▸ TASK DETAILS
Find the line in the entries below that contains "move=> phi_unit phi0_real phi0_ne1.". Repeat it exactly, and every line after it through the line that contains "Section UnitDiff.".

-----

(* Let $G$ be a grid-labelled graph of type $(a,b)$ with $m\ge 1$ edges, none of which is diagonal. Let $\rho_0=|1\rangle\langle 1|\otimes|1\rangle\langle 1|$ on $\mathbb{C}^a\otimes\mathbb{C}^b$. Then there exist local unitaries $U_1,\dots,U_m$ (each of the form $U_x=V_x\otimes W_x$ with $V_x$ unitary on $\mathbb{C}^a$ and $W_x$ unitary on $\mathbb{C}^b$), one for each edge, such that $$\rho(G)=\frac{1}{m}\sum_{x=1}^m U_x\rho_0U_x^\dagger .$$ In particular $\rho(G)$ can be obtained from $\rho_0$ by a protocol using only local unitaries and $\log m$ bits of classical communication (one party samples $x\in[m]$ uniformly and sends it to the other).
   Context: A grid-labelled graph of type $(a,b)$ is a simple graph $G$ whose vertex set is the grid $[a]\times[b]$. Its combinatorial Laplacian is $L(G)=D(G)-A(G)$ (degree matrix minus adjacency matrix), indexed by vertices. If $G$ has $m\ge1$ edges, $\rho(G)=L(G)/(2m)$, viewed as a density matrix on $\mathbb{C}^a\otimes\mathbb{C}^b$ with vertex $(i,j)$ corresponding to the standard basis vector $|i\rangle\otimes|j\rangle$; equivalently $\rho(G)=\frac1m\sum_{\{(i,j),(k,l)\}\in E(G)}|\psi\rangle\langle\psi|$ with $|\psi\rangle=\frac{1}{\sqrt2}(|i\rangle|j\rangle-|k\rangle|l\rangle)$. An edge $\{(i,j),(k,l)\}$ is horizontal if $i=k$, vertical if $j=l$, and diagonal if $i\neq k$ and $j\neq l$. *)

From HB Require Import structures.
From mathcomp Require Import all_boot all_order all_algebra.
From mathcomp Require Import sesquilinear spectral.
Set Implicit Arguments. Unset Strict Implicit. Unset Printing Implicit Defensive.
Import Order.TTheory GRing.Theory Num.Theory.
Local Open Scope ring_scope.

Section Grid.
Variable C : numClosedFieldType.

Definition adjmx m n (M : 'M[C]_(m, n)) : 'M[C]_(n, m) := (M ^t Num.conj)%sesqui.

(* basis index of |i> (x) |j> in C^a (x) C^b: the library bijection mxvec_index *)
Definition tidx a b (i : 'I_a) (j : 'I_b) : 'I_(a * b) := mxvec_index i j.

Definition kron a b (A : 'M[C]_a) (B : 'M[C]_b) : 'M[C]_(a * b) :=
  \sum_(i1 : 'I_a) \sum_(i2 : 'I_a) \sum_(j1 : 'I_b) \sum_(j2 : 'I_b)
     (A i1 i2 * B j1 j2) *: delta_mx (tidx i1 j1) (tidx i2 j2).

Definition proj1 n : 'M[C]_n :=
  \matrix_(i, j) (((i : nat) == 0%N) && ((j : nat) == 0%N))%:R.

Definition rho0 a b : 'M[C]_(a * b) := kron (proj1 a) (proj1 b).

Definition simple_grid_graph a b (E : {set {set 'I_a * 'I_b}}) : Prop :=
  forall e, e \in E -> #|e| = 2%N.

Definition degree a b (E : {set {set 'I_a * 'I_b}}) (u : 'I_a * 'I_b) : nat :=
  #|[set e in E | u \in e]|.

Definition lap_entry a b (E : {set {set 'I_a * 'I_b}}) (u v : 'I_a * 'I_b) : C :=
  if u == v then (degree E u)%:R else - ((([set u; v] \in E) : nat)%:R).

Definition laplacian a b (E : {set {set 'I_a * 'I_b}}) : 'M[C]_(a * b) :=
  \sum_(u : 'I_a * 'I_b) \sum_(v : 'I_a * 'I_b)
     lap_entry E u v *: delta_mx (tidx u.1 u.2) (tidx v.1 v.2).

Definition rhoG a b (E : {set {set 'I_a * 'I_b}}) : 'M[C]_(a * b) :=
  (2 * #|E|)%:R^-1 *: laplacian E.

Definition no_diagonal_edge a b (E : {set {set 'I_a * 'I_b}}) : Prop :=
  forall e, e \in E -> forall u v, u \in e -> v \in e ->
    (u.1 == v.1) || (u.2 == v.2).

End Grid.

(* For an edge {u, v}, rho(G) receives the projector onto (|u> - |v>)/sqrt 2.
   When the edge is horizontal or vertical this vector is a product phi (x) chi
   of unit vectors: one factor is a standard basis vector, the other
   (|j> - |l>)/sqrt 2.  Completing phi and chi to unitaries V, W with these
   first columns (Householder reflections) gives
   (V (x) W) rho_0 (V (x) W)^* = |phi (x) chi><phi (x) chi|, and averaging over
   the edges yields L(G)/(2m), since L(G) is the sum of the Laplacians of its
   edges. *)
From HB Require Import structures.
From mathcomp Require Import all_boot all_order all_algebra.
From mathcomp Require Import sesquilinear spectral.
From mathcomp Require Import ring.
Set Implicit Arguments. Unset Strict Implicit. Unset Printing Implicit Defensive.
Import Order.TTheory GRing.Theory Num.Theory.
Local Open Scope ring_scope.

Section Adjoint.
Variable C : numClosedFieldType.
Local Notation adj := (@adjmx C _ _).

Lemma adjmxE m n (A : 'M[C]_(m, n)) i j : adj A i j = (A j i)^*.
Proof. by rewrite !mxE. Qed.

Lemma adjmxB m n (A B : 'M[C]_(m, n)) : adj (A - B) = adj A - adj B.
Proof. by apply/matrixP => i j; rewrite !(adjmxE, mxE) rmorphB. Qed.

Lemma adjmxZ m n k (A : 'M[C]_(m, n)) : adj (k *: A) = k^* *: adj A.
Proof. by apply/matrixP => i j; rewrite !(adjmxE, mxE) rmorphM. Qed.

Lemma adjmxM m n p (A : 'M[C]_(m, n)) (B : 'M[C]_(n, p)) :
  adj (A *m B) = adj B *m adj A.
Proof. by rewrite /adjmx trmx_mul map_mxM. Qed.

Lemma adjmxK m n (A : 'M[C]_(m, n)) : adj (adj A) = A.
Proof. exact: trmxCK. Qed.

Lemma adjmx1 n : adj (1%:M : 'M[C]_n) = 1%:M.
Proof. by rewrite /adjmx trmx1 map_mx1. Qed.

Lemma adjmx_delta m n (i : 'I_m) (j : 'I_n) : adj (delta_mx i j) = delta_mx j i.
Proof. by rewrite /adjmx trmx_delta map_delta_mx. Qed.

Lemma delta_mx11 : delta_mx 0 0 = 1%:M :> 'M[C]_1.
Proof. by apply/matrixP => x y; rewrite !ord1 !mxE. Qed.

Lemma unitarymx1 n : (1%:M : 'M[C]_n) \is unitarymx.
Proof.
by apply/unitarymxP; change ((1%:M : 'M[C]_n) *m adj 1%:M = 1%:M); rewrite adjmx1 mulmx1.
Qed.

Lemma mul_delta_adjmx n (K : 'M[C]_n) k :
  K *m delta_mx k k *m adj K = col k K *m adj (col k K).
Proof.
rewrite -(mul_delta_mx (0 : 'I_1)) !colE adjmxM adjmx_delta.
by rewrite !mulmxA.
Qed.

Lemma outer_cV_entry n (x : 'cV[C]_n) i j : (x *m adj x) i j = x i 0 * (x j 0)^*.
Proof. by rewrite mxE big_ord1 adjmxE. Qed.

End Adjoint.

Section Householder.
Variables (C : numClosedFieldType) (n : nat).
Local Notation adj := (@adjmx C _ _).
Local Notation e0 := (delta_mx 0 0 : 'cV[C]_n.+1).

Lemma adj_e0_mul (A : 'cV[C]_n.+1) : adj e0 *m A = (A 0 0)%:M.
Proof. by rewrite adjmx_delta -rowE [LHS]mx11_scalar mxE. Qed.

Lemma adj_mul_e0 (A : 'cV[C]_n.+1) : adj A *m e0 = ((A 0 0)^*)%:M.
Proof. by rewrite -colE [LHS]mx11_scalar !mxE. Qed.

(* The reflection 1 - (2 / c) w w^* along w = e_0 - phi, where c = w^* w. *)
Lemma householder (phi : 'cV[C]_n.+1) :
  adj phi *m phi = 1%:M -> phi 0 0 \is Num.real -> phi 0 0 != 1 ->
  exists U : 'M[C]_n.+1, U \is unitarymx /\ col 0 U = phi.
Proof.
move=> phi_unit phi0_real phi0_ne1.
have phi0_conj := conj_Creal phi0_real.
pose w := e0 - phi; pose c := 2 * (1 - phi 0 0); pose k := 2 / c.
have c_ne0 : c != 0 by rewrite /c mulf_neq0 ?pnatr_eq0 // subr_eq0 eq_sym.
have k_conj : k^* = k.
  by apply/conj_Creal; rewrite /k /c rpredM ?rpredV ?rpredM ?rpredB ?rpred1 ?realn.
have ww : adj w *m w = c%:M.
  rewrite /w adjmxB mulmxBl !mulmxBr !adj_e0_mul phi_unit adj_mul_e0 phi0_conj.
  have -> : c = 1 - phi 0 0 - (phi 0 0 - 1) by rewrite /c; ring.
  by rewrite mxE !eqxx /= -!(raddfB (@scalar_mx _ _)).
have we0 : adj w *m e0 = (1 - phi 0 0)%:M.
  by rewrite adjmxB mulmxBl adj_e0_mul adj_mul_e0 phi0_conj mxE eqxx raddfB.
pose X := w *m adj w.
have XX : X *m X = c *: X.
  by rewrite /X mulmxA -[w *m _ *m w]mulmxA ww mul_mx_scalar -scalemxAl.
have X_adj : adj X = X by rewrite /X adjmxM adjmxK.
exists (1%:M - k *: X); split.
  apply/unitarymxP; change ((1%:M - k *: X) *m adj (1%:M - k *: X) = 1%:M).
  rewrite adjmxB adjmx1 adjmxZ k_conj X_adj.
  rewrite mulmxBl !mulmxBr !mul1mx mulmx1 -scalemxAl -scalemxAr XX !scalerA.
  have -> : k * k * c = k *+ 2 by rewrite -mulrA /k mulfVK // mulr_natr.
  by rewrite -scalerMnl mulr2n opprB addrK subrK.
rewrite colE mulmxBl mul1mx -scalemxAl /X -mulmxA we0 mul_mx_scalar scalerA.
have -> : k * (1 - phi 0 0) = 1 by rewrite /k mulrAC -/c mulfV.
by rewrite scale1r /w opprB addrC subrK.
Qed.

End Householder.

Section UnitDiff.
Variable C : numClosedFieldType.
Local Notation adj := (@adjmx C _ _).

Definition isqrt2 : C := (sqrtC 2)^-1.

Lemma isqrt2_real : isqrt2 \is Num.real.
Proof. by rewrite ger0_real // invr_ge0 sqrtC_ge0 ler0n. Qed.

Lemma isqrt2_sqr : isqrt2 * isqrt2 = 2^-1.
Proof. by rewrite -invfM -expr2 sqrtCK. Qed.

(* The case j = l is the factor along the coordinate that an aligned edge keeps fixed. *)
Definition unit_diff n (j l : 'I_n) : 'cV[C]_n :=
  if j == l then delta_mx j 0 else isqrt2 *: (delta_mx j 0 - delta_mx l 0).

Lemma unit_diffE n (j l i : 'I_n) : unit_diff j l i 0 =
  if j == l then (i == j)%:R else isqrt2 * ((i == j)%:R - (i == l)%:R).
Proof. by rewrite /unit_diff; case: eqP => _; rewrite !mxE ?andbT. Qed.

Lemma unit_diff_norm n (j l : 'I_n) : adj (unit_diff j l) *m unit_diff j l = 1%:M.
Proof.
rewrite /unit_diff; case: eqVneq => [_|jl].
  by rewrite adjmx_delta mul_delta_mx delta_mx11.
rewrite adjmxZ -scalemxAl -scalemxAr scalerA (conj_Creal isqrt2_real) isqrt2_sqr.
rewrite adjmxB !adjmx_delta mulmxBl !mulmxBr !mul_delta_mx_cond !eqxx.
rewrite (negbTE jl) eq_sym (negbTE jl) /= !mulr0n !mulr1n subr0 sub0r opprK.
by rewrite -mulr2n -scaler_nat scalerA mulVf ?pnatr_eq0 // scale1r delta_mx11.
Qed.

-----

▸ WRITTEN SOLUTION
move=> phi_unit phi0_real phi0_ne1.
have phi0_conj := conj_Creal phi0_real.
pose w := e0 - phi; pose c := 2 * (1 - phi 0 0); pose k := 2 / c.
have c_ne0 : c != 0 by rewrite /c mulf_neq0 ?pnatr_eq0 // subr_eq0 eq_sym.
have k_conj : k^* = k.
  by apply/conj_Creal; rewrite /k /c rpredM ?rpredV ?rpredM ?rpredB ?rpred1 ?realn.
have ww : adj w *m w = c%:M.
  rewrite /w adjmxB mulmxBl !mulmxBr !adj_e0_mul phi_unit adj_mul_e0 phi0_conj.
  have -> : c = 1 - phi 0 0 - (phi 0 0 - 1) by rewrite /c; ring.
  by rewrite mxE !eqxx /= -!(raddfB (@scalar_mx _ _)).
have we0 : adj w *m e0 = (1 - phi 0 0)%:M.
  by rewrite adjmxB mulmxBl adj_e0_mul adj_mul_e0 phi0_conj mxE eqxx raddfB.
pose X := w *m adj w.
have XX : X *m X = c *: X.
  by rewrite /X mulmxA -[w *m _ *m w]mulmxA ww mul_mx_scalar -scalemxAl.
have X_adj : adj X = X by rewrite /X adjmxM adjmxK.
exists (1%:M - k *: X); split.
  apply/unitarymxP; change ((1%:M - k *: X) *m adj (1%:M - k *: X) = 1%:M).
  rewrite adjmxB adjmx1 adjmxZ k_conj X_adj.
  rewrite mulmxBl !mulmxBr !mul1mx mulmx1 -scalemxAl -scalemxAr XX !scalerA.
  have -> : k * k * c = k *+ 2 by rewrite -mulrA /k mulfVK // mulr_natr.
  by rewrite -scalerMnl mulr2n opprB addrK subrK.
rewrite colE mulmxBl mul1mx -scalemxAl /X -mulmxA we0 mul_mx_scalar scalerA.
have -> : k * (1 - phi 0 0) = 1 by rewrite /k mulrAC -/c mulfV.
by rewrite scale1r /w opprB addrC subrK.
Qed.

End Householder.

Section UnitDiff.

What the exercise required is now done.